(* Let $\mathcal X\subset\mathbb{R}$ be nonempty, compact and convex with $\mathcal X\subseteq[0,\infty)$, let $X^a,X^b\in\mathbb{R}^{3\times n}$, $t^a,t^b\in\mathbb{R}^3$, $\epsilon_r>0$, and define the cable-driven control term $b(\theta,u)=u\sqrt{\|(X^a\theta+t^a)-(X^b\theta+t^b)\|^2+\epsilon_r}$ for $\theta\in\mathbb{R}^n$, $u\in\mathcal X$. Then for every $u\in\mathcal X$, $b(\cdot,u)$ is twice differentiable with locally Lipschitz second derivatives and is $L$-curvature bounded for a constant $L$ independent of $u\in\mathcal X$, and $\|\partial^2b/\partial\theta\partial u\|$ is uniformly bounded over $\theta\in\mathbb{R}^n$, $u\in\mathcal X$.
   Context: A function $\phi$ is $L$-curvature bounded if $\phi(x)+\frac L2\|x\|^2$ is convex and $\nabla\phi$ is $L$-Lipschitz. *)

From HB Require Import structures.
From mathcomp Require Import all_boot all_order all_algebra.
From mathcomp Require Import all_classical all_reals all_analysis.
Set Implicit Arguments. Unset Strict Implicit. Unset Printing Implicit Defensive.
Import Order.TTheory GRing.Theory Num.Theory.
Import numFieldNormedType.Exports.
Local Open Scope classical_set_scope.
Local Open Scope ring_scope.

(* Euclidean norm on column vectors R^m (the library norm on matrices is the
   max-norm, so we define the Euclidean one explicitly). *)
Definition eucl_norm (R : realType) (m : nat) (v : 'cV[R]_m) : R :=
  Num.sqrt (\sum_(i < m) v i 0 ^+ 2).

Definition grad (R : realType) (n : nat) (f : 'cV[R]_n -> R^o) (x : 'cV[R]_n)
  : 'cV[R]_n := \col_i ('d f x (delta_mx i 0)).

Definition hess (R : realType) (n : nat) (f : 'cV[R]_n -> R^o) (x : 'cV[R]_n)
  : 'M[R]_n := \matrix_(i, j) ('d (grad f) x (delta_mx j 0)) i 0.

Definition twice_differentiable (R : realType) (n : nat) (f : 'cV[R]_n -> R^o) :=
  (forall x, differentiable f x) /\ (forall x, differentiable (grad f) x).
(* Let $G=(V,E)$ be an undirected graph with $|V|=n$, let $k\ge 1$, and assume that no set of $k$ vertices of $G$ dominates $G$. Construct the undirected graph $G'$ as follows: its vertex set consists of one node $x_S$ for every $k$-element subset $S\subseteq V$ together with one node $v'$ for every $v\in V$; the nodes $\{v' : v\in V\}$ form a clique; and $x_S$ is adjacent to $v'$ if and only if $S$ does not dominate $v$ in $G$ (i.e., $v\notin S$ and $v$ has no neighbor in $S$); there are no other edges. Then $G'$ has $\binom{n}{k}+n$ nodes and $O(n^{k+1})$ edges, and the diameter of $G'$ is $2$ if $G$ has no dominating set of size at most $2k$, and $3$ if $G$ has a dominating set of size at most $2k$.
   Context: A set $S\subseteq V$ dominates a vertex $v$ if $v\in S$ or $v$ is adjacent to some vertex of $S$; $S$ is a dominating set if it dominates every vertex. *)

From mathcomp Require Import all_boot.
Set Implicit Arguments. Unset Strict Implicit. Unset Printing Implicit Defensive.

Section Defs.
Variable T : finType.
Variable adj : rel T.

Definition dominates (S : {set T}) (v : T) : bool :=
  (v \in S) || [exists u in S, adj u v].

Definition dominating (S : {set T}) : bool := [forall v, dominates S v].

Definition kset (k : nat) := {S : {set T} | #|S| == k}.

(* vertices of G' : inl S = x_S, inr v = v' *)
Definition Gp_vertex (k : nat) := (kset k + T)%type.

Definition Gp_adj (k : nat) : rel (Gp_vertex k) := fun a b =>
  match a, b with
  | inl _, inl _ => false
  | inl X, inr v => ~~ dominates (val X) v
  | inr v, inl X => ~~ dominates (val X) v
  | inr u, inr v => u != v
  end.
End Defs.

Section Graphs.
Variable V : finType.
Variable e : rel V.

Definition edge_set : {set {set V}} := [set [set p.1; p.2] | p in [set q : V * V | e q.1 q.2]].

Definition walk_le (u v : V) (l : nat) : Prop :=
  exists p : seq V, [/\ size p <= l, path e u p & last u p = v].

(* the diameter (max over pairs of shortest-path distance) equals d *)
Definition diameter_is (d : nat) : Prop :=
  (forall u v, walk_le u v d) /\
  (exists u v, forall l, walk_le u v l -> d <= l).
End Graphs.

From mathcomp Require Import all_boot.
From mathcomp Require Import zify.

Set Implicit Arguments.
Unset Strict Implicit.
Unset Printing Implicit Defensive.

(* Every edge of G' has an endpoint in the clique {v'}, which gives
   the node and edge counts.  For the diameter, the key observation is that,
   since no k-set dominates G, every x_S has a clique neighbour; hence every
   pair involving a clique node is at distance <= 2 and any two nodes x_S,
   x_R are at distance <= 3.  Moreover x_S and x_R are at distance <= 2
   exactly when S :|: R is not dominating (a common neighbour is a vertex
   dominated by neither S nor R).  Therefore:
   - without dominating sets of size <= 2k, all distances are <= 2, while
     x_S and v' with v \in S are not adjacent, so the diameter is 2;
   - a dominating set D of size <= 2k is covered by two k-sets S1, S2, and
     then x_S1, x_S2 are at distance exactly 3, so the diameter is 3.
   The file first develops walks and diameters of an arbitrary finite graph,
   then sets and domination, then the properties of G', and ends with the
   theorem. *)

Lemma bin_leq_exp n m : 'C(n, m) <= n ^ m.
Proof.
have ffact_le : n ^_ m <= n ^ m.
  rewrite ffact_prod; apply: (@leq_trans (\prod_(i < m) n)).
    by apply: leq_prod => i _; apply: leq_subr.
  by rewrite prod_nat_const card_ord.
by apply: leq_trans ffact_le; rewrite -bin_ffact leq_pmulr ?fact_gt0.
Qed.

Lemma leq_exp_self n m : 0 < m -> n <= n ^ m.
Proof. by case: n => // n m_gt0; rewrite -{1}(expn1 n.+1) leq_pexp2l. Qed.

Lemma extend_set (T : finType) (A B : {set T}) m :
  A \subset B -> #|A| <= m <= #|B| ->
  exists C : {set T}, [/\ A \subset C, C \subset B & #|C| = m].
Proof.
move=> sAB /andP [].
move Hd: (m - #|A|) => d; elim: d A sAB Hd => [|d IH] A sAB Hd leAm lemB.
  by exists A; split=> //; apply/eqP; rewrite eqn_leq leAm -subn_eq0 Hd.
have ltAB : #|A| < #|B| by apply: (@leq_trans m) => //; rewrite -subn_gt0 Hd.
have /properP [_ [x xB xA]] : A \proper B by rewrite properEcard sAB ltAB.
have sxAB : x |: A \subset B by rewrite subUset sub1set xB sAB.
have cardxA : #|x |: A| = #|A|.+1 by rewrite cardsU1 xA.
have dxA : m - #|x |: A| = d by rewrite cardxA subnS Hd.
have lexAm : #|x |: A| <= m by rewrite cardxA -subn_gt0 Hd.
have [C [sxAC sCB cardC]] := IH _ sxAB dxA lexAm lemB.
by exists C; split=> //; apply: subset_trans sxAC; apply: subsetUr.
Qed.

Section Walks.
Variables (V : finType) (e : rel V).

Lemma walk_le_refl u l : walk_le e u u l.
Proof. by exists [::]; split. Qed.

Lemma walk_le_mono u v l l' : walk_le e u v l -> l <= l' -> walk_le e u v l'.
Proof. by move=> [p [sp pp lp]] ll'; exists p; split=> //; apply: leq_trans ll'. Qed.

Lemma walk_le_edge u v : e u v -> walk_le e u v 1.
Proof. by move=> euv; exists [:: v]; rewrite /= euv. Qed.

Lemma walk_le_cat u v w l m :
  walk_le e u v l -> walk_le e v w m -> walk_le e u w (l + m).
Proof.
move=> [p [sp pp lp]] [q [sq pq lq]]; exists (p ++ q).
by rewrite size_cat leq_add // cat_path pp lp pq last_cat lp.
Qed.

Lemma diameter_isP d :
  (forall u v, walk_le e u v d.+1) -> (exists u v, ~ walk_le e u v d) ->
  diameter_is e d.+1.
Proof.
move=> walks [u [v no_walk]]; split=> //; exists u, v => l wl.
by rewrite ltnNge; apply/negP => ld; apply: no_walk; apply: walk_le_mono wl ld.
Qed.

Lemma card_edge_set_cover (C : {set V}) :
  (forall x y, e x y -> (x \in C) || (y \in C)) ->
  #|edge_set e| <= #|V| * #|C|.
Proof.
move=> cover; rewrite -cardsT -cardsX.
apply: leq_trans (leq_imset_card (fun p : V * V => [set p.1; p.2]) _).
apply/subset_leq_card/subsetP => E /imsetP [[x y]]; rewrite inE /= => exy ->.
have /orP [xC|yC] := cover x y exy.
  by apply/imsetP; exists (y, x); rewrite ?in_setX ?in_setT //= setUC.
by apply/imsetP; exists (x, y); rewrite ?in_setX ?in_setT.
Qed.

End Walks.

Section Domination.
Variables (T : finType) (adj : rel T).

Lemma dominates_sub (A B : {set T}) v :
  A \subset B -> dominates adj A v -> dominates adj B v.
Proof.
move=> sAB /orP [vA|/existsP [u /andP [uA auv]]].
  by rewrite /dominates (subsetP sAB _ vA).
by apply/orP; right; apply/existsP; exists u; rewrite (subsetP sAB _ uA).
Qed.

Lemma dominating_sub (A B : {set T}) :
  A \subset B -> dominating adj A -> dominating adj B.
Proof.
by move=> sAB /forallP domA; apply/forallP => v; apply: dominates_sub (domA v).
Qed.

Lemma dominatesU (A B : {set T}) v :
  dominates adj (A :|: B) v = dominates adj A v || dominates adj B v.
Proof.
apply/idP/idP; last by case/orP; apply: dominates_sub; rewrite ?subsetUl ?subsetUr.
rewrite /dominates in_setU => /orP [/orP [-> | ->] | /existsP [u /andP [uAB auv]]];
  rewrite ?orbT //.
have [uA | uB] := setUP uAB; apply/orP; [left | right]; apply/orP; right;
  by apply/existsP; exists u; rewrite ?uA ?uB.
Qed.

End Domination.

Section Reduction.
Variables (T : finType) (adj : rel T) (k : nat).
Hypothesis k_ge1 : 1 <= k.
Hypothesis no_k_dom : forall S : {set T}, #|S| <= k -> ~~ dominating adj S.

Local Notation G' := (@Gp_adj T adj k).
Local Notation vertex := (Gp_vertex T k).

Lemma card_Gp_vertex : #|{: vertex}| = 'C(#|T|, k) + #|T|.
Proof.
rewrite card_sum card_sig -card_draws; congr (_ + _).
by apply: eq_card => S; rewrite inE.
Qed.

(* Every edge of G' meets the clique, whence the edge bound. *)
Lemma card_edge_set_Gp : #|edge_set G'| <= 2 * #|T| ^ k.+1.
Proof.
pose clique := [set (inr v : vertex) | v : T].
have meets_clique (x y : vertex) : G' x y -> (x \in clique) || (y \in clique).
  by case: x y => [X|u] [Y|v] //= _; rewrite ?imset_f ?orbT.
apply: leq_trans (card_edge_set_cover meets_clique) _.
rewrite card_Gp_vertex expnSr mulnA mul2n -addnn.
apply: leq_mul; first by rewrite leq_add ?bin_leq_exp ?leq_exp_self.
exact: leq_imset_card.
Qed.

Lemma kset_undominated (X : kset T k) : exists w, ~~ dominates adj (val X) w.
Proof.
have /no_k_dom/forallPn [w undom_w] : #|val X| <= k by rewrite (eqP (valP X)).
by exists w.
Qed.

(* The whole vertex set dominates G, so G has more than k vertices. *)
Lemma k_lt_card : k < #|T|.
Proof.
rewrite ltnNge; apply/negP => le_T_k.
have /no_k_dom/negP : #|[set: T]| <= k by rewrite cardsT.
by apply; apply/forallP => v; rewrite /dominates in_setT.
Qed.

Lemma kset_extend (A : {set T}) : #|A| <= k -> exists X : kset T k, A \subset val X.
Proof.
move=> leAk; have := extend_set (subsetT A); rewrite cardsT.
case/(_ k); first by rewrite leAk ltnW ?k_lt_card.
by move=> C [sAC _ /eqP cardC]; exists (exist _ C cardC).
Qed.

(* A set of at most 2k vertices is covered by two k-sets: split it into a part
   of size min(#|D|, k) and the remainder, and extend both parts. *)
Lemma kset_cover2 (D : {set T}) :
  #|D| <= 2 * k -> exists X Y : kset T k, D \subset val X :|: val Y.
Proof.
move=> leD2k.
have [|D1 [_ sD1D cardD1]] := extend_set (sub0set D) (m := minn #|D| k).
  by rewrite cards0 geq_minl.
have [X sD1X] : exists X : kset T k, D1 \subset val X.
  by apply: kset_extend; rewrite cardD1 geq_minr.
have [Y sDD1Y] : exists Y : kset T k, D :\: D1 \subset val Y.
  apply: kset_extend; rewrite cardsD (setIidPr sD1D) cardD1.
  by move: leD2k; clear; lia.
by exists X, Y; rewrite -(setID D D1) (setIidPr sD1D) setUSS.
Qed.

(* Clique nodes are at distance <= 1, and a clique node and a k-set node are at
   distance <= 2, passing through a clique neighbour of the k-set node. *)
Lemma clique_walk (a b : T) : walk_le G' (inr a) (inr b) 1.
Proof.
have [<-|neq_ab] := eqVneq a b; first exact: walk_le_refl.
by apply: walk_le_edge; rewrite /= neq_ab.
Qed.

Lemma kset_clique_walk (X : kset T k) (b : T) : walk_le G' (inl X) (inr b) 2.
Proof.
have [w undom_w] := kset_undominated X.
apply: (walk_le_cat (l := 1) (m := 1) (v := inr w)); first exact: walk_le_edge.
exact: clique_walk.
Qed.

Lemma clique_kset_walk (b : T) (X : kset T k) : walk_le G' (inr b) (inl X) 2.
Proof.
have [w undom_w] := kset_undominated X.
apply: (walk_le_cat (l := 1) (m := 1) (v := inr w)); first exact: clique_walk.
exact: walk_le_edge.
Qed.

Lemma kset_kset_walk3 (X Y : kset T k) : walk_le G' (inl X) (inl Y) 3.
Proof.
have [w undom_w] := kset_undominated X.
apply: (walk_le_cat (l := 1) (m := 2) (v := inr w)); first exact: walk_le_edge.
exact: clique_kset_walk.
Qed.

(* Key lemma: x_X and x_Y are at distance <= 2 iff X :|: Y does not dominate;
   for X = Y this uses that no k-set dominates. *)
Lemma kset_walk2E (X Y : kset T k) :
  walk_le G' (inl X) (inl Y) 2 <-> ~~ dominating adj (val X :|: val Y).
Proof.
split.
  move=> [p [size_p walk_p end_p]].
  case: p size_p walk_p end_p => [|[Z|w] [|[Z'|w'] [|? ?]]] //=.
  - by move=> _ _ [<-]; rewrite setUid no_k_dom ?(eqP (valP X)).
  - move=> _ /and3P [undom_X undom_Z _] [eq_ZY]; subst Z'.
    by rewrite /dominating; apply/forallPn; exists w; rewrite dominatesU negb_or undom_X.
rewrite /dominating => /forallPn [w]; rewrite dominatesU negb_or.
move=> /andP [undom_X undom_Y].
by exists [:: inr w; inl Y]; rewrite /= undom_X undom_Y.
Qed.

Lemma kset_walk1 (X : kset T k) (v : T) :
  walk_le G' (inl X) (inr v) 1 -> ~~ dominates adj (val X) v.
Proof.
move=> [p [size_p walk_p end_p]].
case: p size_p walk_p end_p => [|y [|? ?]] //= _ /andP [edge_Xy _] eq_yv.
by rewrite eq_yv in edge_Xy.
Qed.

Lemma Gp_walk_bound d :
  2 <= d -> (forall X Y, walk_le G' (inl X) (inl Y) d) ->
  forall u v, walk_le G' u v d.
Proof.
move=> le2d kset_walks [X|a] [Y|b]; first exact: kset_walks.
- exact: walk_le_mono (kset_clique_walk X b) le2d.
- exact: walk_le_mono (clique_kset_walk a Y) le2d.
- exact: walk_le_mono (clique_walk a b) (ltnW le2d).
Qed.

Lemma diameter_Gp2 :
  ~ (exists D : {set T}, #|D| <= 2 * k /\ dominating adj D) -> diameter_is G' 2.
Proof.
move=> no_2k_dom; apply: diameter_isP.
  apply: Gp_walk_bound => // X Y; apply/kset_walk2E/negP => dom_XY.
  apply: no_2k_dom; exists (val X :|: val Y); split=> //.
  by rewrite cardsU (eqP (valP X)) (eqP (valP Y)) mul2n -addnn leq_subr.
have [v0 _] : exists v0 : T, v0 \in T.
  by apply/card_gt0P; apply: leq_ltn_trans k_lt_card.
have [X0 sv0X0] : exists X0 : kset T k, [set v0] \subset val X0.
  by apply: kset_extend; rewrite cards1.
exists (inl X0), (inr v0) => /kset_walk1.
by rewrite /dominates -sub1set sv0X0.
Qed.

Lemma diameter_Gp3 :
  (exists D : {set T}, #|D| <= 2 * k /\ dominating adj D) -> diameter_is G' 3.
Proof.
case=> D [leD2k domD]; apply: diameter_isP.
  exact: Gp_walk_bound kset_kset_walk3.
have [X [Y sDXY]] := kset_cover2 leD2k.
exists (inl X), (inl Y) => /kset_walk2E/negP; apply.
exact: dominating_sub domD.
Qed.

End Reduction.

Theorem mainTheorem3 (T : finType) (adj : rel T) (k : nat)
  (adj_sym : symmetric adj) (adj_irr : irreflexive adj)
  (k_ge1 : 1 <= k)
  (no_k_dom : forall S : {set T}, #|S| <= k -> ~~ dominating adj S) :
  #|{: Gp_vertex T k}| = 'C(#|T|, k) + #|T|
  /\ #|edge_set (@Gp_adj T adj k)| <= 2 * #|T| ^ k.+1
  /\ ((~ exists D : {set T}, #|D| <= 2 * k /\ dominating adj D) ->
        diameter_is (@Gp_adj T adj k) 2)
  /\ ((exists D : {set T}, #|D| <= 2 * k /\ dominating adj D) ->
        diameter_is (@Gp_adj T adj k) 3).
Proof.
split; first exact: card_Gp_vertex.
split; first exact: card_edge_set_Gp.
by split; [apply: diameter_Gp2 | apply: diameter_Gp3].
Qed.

> Problem description
In the listing above, find the line with "(* Every edge of G' has" and the line with "since no k-set", then print exactly those two lines and every line between them, and nothing more.

> Task response
(* Every edge of G' has an endpoint in the clique {v'}, which gives
   the node and edge counts.  For the diameter, the key observation is that,
   since no k-set dominates G, every x_S has a clique neighbour; hence every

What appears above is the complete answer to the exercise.